## Task item
Print the line containing "Proof. by rewrite !innerE mulr_sumr;" and every line after it exactly as written, through the end of the records.

(Stored items)
# # # #

(* (i) Let $f\colon M^{12}\to\mathbb{S}^{13}$ be the minimal Cartan isoparametric hypersurface with $g=3$ distinct principal curvatures, each of multiplicity $4$. Then $f$ satisfies, for every unit tangent vector $X$, $\mathrm{Ric}_M(X)\geq b(12,k,H)$ only for integers $2\leq k\leq 3$; for $k=3$ the inequality holds with equality (attained for some unit vectors), $\lambda(12,3,0)=\sqrt3$ is a principal curvature of multiplicity $4$, and the second fundamental form has the following structure: at every point there is a Dupin principal normal $\eta$ of multiplicity $4$ with $\|\eta\|=\lambda(12,3,0)$ and $\mathrm{Ric}_M(X)=b(12,3,0)$ for every unit $X\in E_\eta$. (ii) Let $f\colon M^{24}\to\mathbb{S}^{25}$ be the minimal Cartan isoparametric hypersurface with $g=3$ distinct principal curvatures, each of multiplicity $8$. Then $f$ satisfies $\mathrm{Ric}_M\geq b(24,k,H)$ only for integers $2\leq k\leq 6$; for $k=6$ with equality, $\lambda(24,6,0)=\sqrt3$ is a principal curvature of multiplicity $8$, and at every point there is a Dupin principal normal $\eta$ of multiplicity $8$ with $\|\eta\|=\lambda(24,6,0)$ and $\mathrm{Ric}_M(X)=b(24,6,0)$ for every unit $X\in E_\eta$.
   Context: An isoparametric hypersurface of the unit sphere with $g=3$ (Cartan hypersurface) has principal curvatures $\cot\theta,\ \cot(\theta+\pi/3),\ \cot(\theta+2\pi/3)$ for some $\theta\in(0,\pi/2)$, all with the same multiplicity; the minimal one in the family has principal curvatures $\sqrt3,0,-\sqrt3$. Notation: $b(n,k,H)=\frac{n(k-1)}{k}+\frac{n(k-1)H}{2k^2}\big(nH+\sqrt{n^2H^2+4k(n-k)}\big)$, $\lambda(n,k,H)=\frac{1}{2k}\big(nH+\sqrt{n^2H^2+4k(n-k)}\big)$, $H$ the length of the normalized mean curvature vector, $\mathrm{Ric}_M(X)$ the non-normalized Ricci curvature in the unit direction $X$. A Dupin principal normal $\eta$ at $x$ is a normal vector for which $E_\eta(x)=\{X:\alpha_f(X,Y)=\langle X,Y\rangle\eta\ \forall Y\}$ has dimension $\geq 2$ (its multiplicity), $\alpha_f$ the second fundamental form; for a hypersurface this means $\eta=\rho\xi$ with $\rho$ a principal curvature of multiplicity $\geq2$ w.r.t. the unit normal $\xi$. *)

(* Pointwise (linear-algebraic) model of a hypersurface of the
   unit sphere: at each point p the tangent space is identified isometrically
   with R^n (row vectors, standard inner product) via an orthonormal frame, and
   the second fundamental form is alpha(X,Y) = <A X, Y> xi for the shape
   operator A (symmetric) w.r.t. a unit normal xi.  Normal vectors rho xi are
   represented by the scalar rho. *)
From HB Require Import structures.
From mathcomp Require Import all_boot all_order all_algebra.
Set Implicit Arguments. Unset Strict Implicit. Unset Printing Implicit Defensive.
Import Order.TTheory GRing.Theory Num.Theory.
Local Open Scope ring_scope.

Section Defs.
Variables (R : rcfType) (n : nat).

Definition inner (u v : 'rV[R]_n) : R := (u *m v^T) 0 0.

Definition unit_vec (X : 'rV[R]_n) : Prop := inner X X = 1.

Definition sff (A : 'M[R]_n) (X Y : 'rV[R]_n) : R := inner (X *m A) Y.

(* Riemann curvature tensor R(X,Y,Z,W) of M, given by the Gauss equation for a
   submanifold of the unit sphere (ambient curvature 1) *)
Definition curv (A : 'M[R]_n) (X Y Z W : 'rV[R]_n) : R :=
  inner X W * inner Y Z - inner X Z * inner Y W
  + sff A X W * sff A Y Z - sff A X Z * sff A Y W.

(* non-normalized Ricci curvature in direction X (orthonormal frame e_i) *)
Definition Ric (A : 'M[R]_n) (X : 'rV[R]_n) : R :=
  \sum_(i < n) curv A (delta_mx 0 i) X X (delta_mx 0 i).

(* length of the normalized mean curvature vector (1/n) tr(alpha) *)
Definition meanH (A : 'M[R]_n) : R := `|\tr A| / n%:R.

Definition subspace_dim (P : 'rV[R]_n -> Prop) (d : nat) : Prop :=
  exists B : 'M[R]_(d, n), row_free B /\ forall x, P x <-> (x <= B)%MS.

Definition principal (A : 'M[R]_n) (rho : R) (X : 'rV[R]_n) : Prop :=
  X *m A = rho *: X.

Definition dupinE (A : 'M[R]_n) (rho : R) (X : 'rV[R]_n) : Prop :=
  forall Y : 'rV[R]_n, sff A X Y = inner X Y * rho.

Definition minimal_cartan_shape (m : nat) (A : 'M[R]_n) : Prop :=
  A^T = A /\
  subspace_dim (principal A (Num.sqrt 3)) m /\
  subspace_dim (principal A 0) m /\
  subspace_dim (principal A (- Num.sqrt 3)) m.

End Defs.

Definition bnd {R : rcfType} (n k : nat) (H : R) : R :=
  n%:R * (k%:R - 1) / k%:R
  + n%:R * (k%:R - 1) * H / (2 * k%:R ^+ 2)
    * (n%:R * H + Num.sqrt (n%:R ^+ 2 * H ^+ 2 + 4 * k%:R * (n%:R - k%:R))).

Definition lambda {R : rcfType} (n k : nat) (H : R) : R :=
  (n%:R * H + Num.sqrt (n%:R ^+ 2 * H ^+ 2 + 4 * k%:R * (n%:R - k%:R))) / (2 * k%:R).

From mathcomp Require Import all_boot all_order all_algebra.
From mathcomp Require Import ring lra zify.
Set Implicit Arguments. Unset Strict Implicit. Unset Printing Implicit Defensive.
Import Order.TTheory GRing.Theory Num.Theory.
Local Open Scope ring_scope.

(* At each point the shape operator A of the minimal Cartan hypersurface
   M^(3m) is diagonal with eigenvalues sqrt 3, 0, -sqrt 3, each of
   multiplicity m.  Hence tr A = 0 and |AX|^2 <= 3 |X|^2, so the Gauss
   equation gives Ric(X) = (n - 1) - |AX|^2 >= n - 4 for unit X, with
   equality on the sqrt 3-eigenspace; that eigenspace is exactly the Dupin
   space E_eta of eta = sqrt 3 xi.  Since b(n,k,0) = n(k-1)/k, the inequality
   Ric >= b(n,k,H) holds iff 4k <= n, and for 4k = n one gets
   b(n,k,0) = n - 4 and lambda(n,k,0) = sqrt 3. *)

Section InnerProduct.
Variables (R : rcfType) (n : nat).
Implicit Types (u v w : 'rV[R]_n).

Lemma innerE u v : inner u v = \sum_j u 0 j * v 0 j.
Proof. by rewrite /inner !mxE; apply: eq_bigr => j _; rewrite mxE. Qed.

Lemma innerC u v : inner u v = inner v u.
Proof. by rewrite !innerE; apply: eq_bigr => j _; rewrite mulrC. Qed.

Lemma innerDl u v w : inner (u + v) w = inner u w + inner v w.
Proof. by rewrite !innerE -big_split; apply: eq_bigr => j _; rewrite mxE mulrDl. Qed.

Lemma innerZl a u v : inner (a *: u) v = a * inner u v.
Proof. by rewrite !innerE mulr_sumr; apply: eq_bigr => j _; rewrite mxE mulrA. Qed.

Lemma innerDr u v w : inner u (v + w) = inner u v + inner u w.
Proof. by rewrite innerC innerDl !(innerC u). Qed.

Lemma innerZr a u v : inner u (a *: v) = a * inner u v.
Proof. by rewrite innerC innerZl innerC. Qed.

Lemma inner_ge0 v : 0 <= inner v v.
Proof. by rewrite innerE sumr_ge0 // => j _; rewrite -expr2 sqr_ge0. Qed.

Lemma inner_eq0 v : (inner v v == 0) = (v == 0).
Proof.
apply/idP/eqP => [|->]; last by rewrite innerE big1 // => j _; rewrite mxE mul0r.
rewrite innerE psumr_eq0 => [/allP v0|j _]; last by rewrite -expr2 sqr_ge0.
apply/matrixP => i j; rewrite (ord1 i) mxE.
by have /implyP/(_ isT) := v0 j (mem_index_enum j); rewrite mulf_eq0 orbb => /eqP.
Qed.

# # # #

## Problem solution
Proof. by rewrite !innerE mulr_sumr; apply: eq_bigr => j _; rewrite mxE mulrA. Qed.

Lemma innerDr u v w : inner u (v + w) = inner u v + inner u w.
Proof. by rewrite innerC innerDl !(innerC u). Qed.

Lemma innerZr a u v : inner u (a *: v) = a * inner u v.
Proof. by rewrite innerC innerZl innerC. Qed.

Lemma inner_ge0 v : 0 <= inner v v.
Proof. by rewrite innerE sumr_ge0 // => j _; rewrite -expr2 sqr_ge0. Qed.

Lemma inner_eq0 v : (inner v v == 0) = (v == 0).
Proof.
apply/idP/eqP => [|->]; last by rewrite innerE big1 // => j _; rewrite mxE mul0r.
rewrite innerE psumr_eq0 => [/allP v0|j _]; last by rewrite -expr2 sqr_ge0.
apply/matrixP => i j; rewrite (ord1 i) mxE.
by have /implyP/(_ isT) := v0 j (mem_index_enum j); rewrite mulf_eq0 orbb => /eqP.
Qed.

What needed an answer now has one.